The essays in this book investigate the analytical concept of net criticism
and its strategic implementation called 'tactical media.' The concept of
tactical media has been developed to describe the new circumstances of
alternative or independent initiatives which have grown away from previous
oppositional or subcultural contexts into a vibrant, global new media
culture, intervening with the technology itself. Internet is not just a
tool. Tactical media, such as community networks, mailinglists, independent
media centers, art servers, temporary media labs are not to be marginalized
to the fringes of a business-dominated Internet. These cultural membranes
have both initiated and responded to new hard-and software applications,
have developed collaborative artistic interfaces, and have thoughtfully
assessed the social consequences of globalization.

Both net criticism and tactical media are analyzed as precise sensors of
cultural conditions in the digital age. Net criticism should not so much be
defined as yet another emerging discipline with literary criticism and
cultural studies as its predecessors, but rather it is described as a
collaborative form to create networked discourses in which theory and
practice, code and content, reflection and production, interface design and
network architecture are closely intertwined.

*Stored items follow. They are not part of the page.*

(* Let $k > k' > 0$. There exists a $k$-local function $f:\{0,1\}^n\to\mathbb{R}$ with $\max_{x\in\{0,1\}^n}|f(x)| \le 1$ such that for every $k'$-local function $g:\{0,1\}^n\to\mathbb{R}$, $$\max_{x\in\{0,1\}^n}|f(x) - g(x)| \ge 2^{-k'}.$$
   Context: A function $f:\{0,1\}^n\to\mathbb{R}$ is $k$-local if it can be written as a sum $f = \sum_i f_i$ of functions $f_i:\{0,1\}^n\to\mathbb{R}$ each depending on at most $k$ of its inputs. *)

From HB Require Import structures.
From mathcomp Require Import all_boot all_order all_algebra.
From mathcomp Require Import reals.
Set Implicit Arguments. Unset Strict Implicit. Unset Printing Implicit Defensive.
Import Order.TTheory GRing.Theory Num.Theory.
Local Open Scope ring_scope.

Definition cube (n : nat) := {ffun 'I_n -> bool}.

Definition depends_only_on (R : realType) (n : nat) (h : cube n -> R)
  (S : {set 'I_n}) : Prop :=
  forall x y : cube n, (forall i, i \in S -> x i = y i) -> h x = h y.

Definition depends_on_at_most (R : realType) (n k : nat) (h : cube n -> R) : Prop :=
  exists S : {set 'I_n}, (#|S| <= k)%N /\ depends_only_on h S.

Definition k_local (R : realType) (n k : nat) (f : cube n -> R) : Prop :=
  exists (m : nat) (fs : 'I_m -> cube n -> R),
    (forall i, depends_on_at_most k (fs i)) /\
    forall x, f x = \sum_(i < m) fs i x.

From HB Require Import structures.
From mathcomp Require Import all_boot all_order all_algebra.
From mathcomp Require Import reals.
Import Order.TTheory GRing.Theory Num.Theory.
Local Open Scope ring_scope.

(* The parity function chi_T of a k-set T of coordinates does the job, even at
   distance 1 rather than 2^-k'.  It is orthogonal
   to every function h that depends only on a set S of fewer than k
   coordinates: pick j in T \ S; the involution flipping x_j negates chi_T and
   fixes h, so the correlation sum_x chi_T(x) h(x) equals its own opposite.
   Hence chi_T is orthogonal to every k'-local g, and
   sum_x chi_T(x) (chi_T(x) - g(x)) = 2^n forces some x with
   |chi_T(x) - g(x)| >= chi_T(x) (chi_T(x) - g(x)) >= 1. *)

Lemma exists_set_card (T : finType) (k : nat) :
  (k <= #|T|)%N -> exists A : {set T}, #|A| = k.
Proof.
case/card_geqP=> s [s_uniq s_size _]; exists [set x in s].
by rewrite cardsE (card_uniqP s_uniq).
Qed.

Lemma exists_ge_of_sum_ge (R : realDomainType) (T : finType) (F : T -> R)
    (a : R) :
  (0 < #|T|)%N -> a *+ #|T| <= \sum_x F x -> exists x, a <= F x.
Proof.
move=> /card_gt0P [x0 _] a_le_sum; apply/existsP; apply: contraLR a_le_sum.
rewrite negb_exists -ltNge -sumr_const => /forallP F_lt_a.
by apply: ltr_sum => [|x _]; [apply/hasP; exists x0 | rewrite ltNge F_lt_a].
Qed.

Section Parity.
Context {R : realType} {n : nat}.

Definition parity (T : {set 'I_n}) (x : cube n) : R :=
  \prod_(i in T) (-1) ^+ x i.

Definition flip (j : 'I_n) (x : cube n) : cube n :=
  [ffun i => if i == j then ~~ x i else x i].

Lemma flipK (j : 'I_n) : involutive (flip j).
Proof.
by move=> x; apply/ffunP=> i; rewrite !ffunE; case: eqP; rewrite ?negbK.
Qed.

Lemma normr_parity (T : {set 'I_n}) (x : cube n) : `|parity T x| = 1.
Proof. by rewrite normr_prod; apply: big1 => i _; rewrite normr_sign. Qed.

Lemma sqrr_parity (T : {set 'I_n}) (x : cube n) : parity T x ^+ 2 = 1.
Proof. by rewrite -prodrXl; apply: big1 => i _; rewrite sqrr_sign. Qed.

Lemma parity_flip (T : {set 'I_n}) (j : 'I_n) (x : cube n) :
  j \in T -> parity T (flip j x) = - parity T x.
Proof.
move=> jT; rewrite /parity !(bigD1 j jT) /= ffunE eqxx signrN mulNr.
congr (- (_ * _)); apply: eq_bigr => i /andP [_ /negbTE ij].
by rewrite ffunE ij.
Qed.

Lemma depends_only_on_flip {h : cube n -> R} {S : {set 'I_n}} {j : 'I_n}
    (x : cube n) :
  depends_only_on h S -> j \notin S -> h (flip j x) = h x.
Proof.
move=> h_dep jS; apply: h_dep => i iS; rewrite ffunE.
by case: eqP => // ij; rewrite -ij iS in jS.
Qed.

Lemma parity_orthogonal_depends (T S : {set 'I_n}) (h : cube n -> R) :
  depends_only_on h S -> (#|S| < #|T|)%N -> \sum_x parity T x * h x = 0.
Proof.
move=> h_dep ltST.
have /subsetPn [j jT jS] : ~~ (T \subset S).
  by apply: contraTN ltST => /subset_leq_card; rewrite -leqNgt.
set s := \sum_x _; have s_opp : s = - s.
  rewrite {1}/s (reindex_inj (inv_inj (flipK j))) -sumrN.
  apply: eq_bigr => x _.
  by rewrite parity_flip // (depends_only_on_flip x h_dep jS) mulNr.
by apply/eqP; move/eqP: s_opp; rewrite -subr_eq0 opprK -mulr2n mulrn_eq0.
Qed.

Lemma parity_orthogonal_local {T : {set 'I_n}} {k : nat} {g : cube n -> R} :
  k_local k g -> (k < #|T|)%N -> \sum_x parity T x * g x = 0.
Proof.
move=> [m [gs [gs_dep g_sum]]] ltkT.
under eq_bigr => x _ do rewrite g_sum mulr_sumr.
rewrite exchange_big; apply: big1 => i _ /=.
have [S [cardS S_dep]] := gs_dep i.
exact: parity_orthogonal_depends S_dep (leq_ltn_trans cardS ltkT).
Qed.

Lemma parity_local (T : {set 'I_n}) : k_local #|T| (parity T).
Proof.
exists 1%N, (fun=> parity T); split=> [_|x]; last by rewrite big_ord1.
by exists T; split=> // x y xy; apply: eq_bigr => i /xy ->.
Qed.

Lemma exists_far_from_parity {T : {set 'I_n}} {g : cube n -> R} :
  \sum_x parity T x * g x = 0 -> exists x, 1 <= `|parity T x - g x|.
Proof.
move=> orth.
have [x le1] : exists x, 1 <= parity T x * (parity T x - g x).
  apply: exists_ge_of_sum_ge; first by apply/card_gt0P; exists [ffun=> false].
  under eq_bigr => x _ do rewrite mulrBr -expr2 sqrr_parity.
  by rewrite sumrB orth subr0 sumr_const.
exists x; apply: (le_trans le1); rewrite (le_trans (ler_norm _)) //.
by rewrite normrM normr_parity mul1r.
Qed.

End Parity.

Theorem lemma12 (R : realType) (n k k' : nat) :
  (0 < k')%N -> (k' < k)%N -> (k <= n)%N ->
  exists f : cube n -> R,
    k_local k f /\
    (forall x, `|f x| <= 1) /\
    (forall g : cube n -> R, k_local k' g ->
       exists x, (2 ^- k' : R) <= `|f x - g x|).
Proof.
move=> _ ltk'k lekn.
have [T cardT] : exists T : {set 'I_n}, #|T| = k.
  by apply: exists_set_card; rewrite card_ord.
exists (parity T); split; first by rewrite -cardT; apply: parity_local.
split=> [x|g g_local]; first by rewrite normr_parity.
have orth : \sum_x parity T x * g x = 0.
  by apply: parity_orthogonal_local g_local _; rewrite cardT.
have [x far] := exists_far_from_parity orth.
exists x; apply: le_trans far.
by rewrite invf_le1 ?exprn_ege1 ?exprn_gt0 // ler1n.
Qed.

Written in reflexive relationships with the development of these fields, the
 essays here were developed within a worldwide diversity of social and
artistic networks. To stress the importance of intercultural collaboration
in the field of techno-culture three travelogues were included, describing
the global impact and diversity of the emerging Internet culture. In
Albania, Europe's poorest and most isolated country, new media are used by
NGOs and artists. In Taiwan, with the September 1999 earthquake as a
pretext, cultural politics of the Internet were being discovered, while in
Delhi (India) a new media center explores free software, public access and
Hindi interfaces, mapping the social and cultural use of technology beyond
the official rhetoric of 'digital divide.'

The concepts do not merely reflect on new media from an outsider's
perspective, nor do they intend to represent a particular (alternative)
lifestyle. They are written with a passionate commitment to media theory,
building on more than a decade of new media experience, with the certainty
that "ideas do matter" (Joseph Weizenbaum).

Some of the topics and issues raised in Dark Fiber: the erosion of e-mail,
meet the virtual intellectual, the rise of NGOs and the Soros networks,
bandwidth for all, the rise and fall of dotcommania, the dawn of techno
mysticism, the search for sustainable social networks, the fight for a
public Internet time standard, net activist strategies from
counter-information to electronic civic disobedience, testing the boundaries
of mailinglist culture and the art of collaborative text filtering.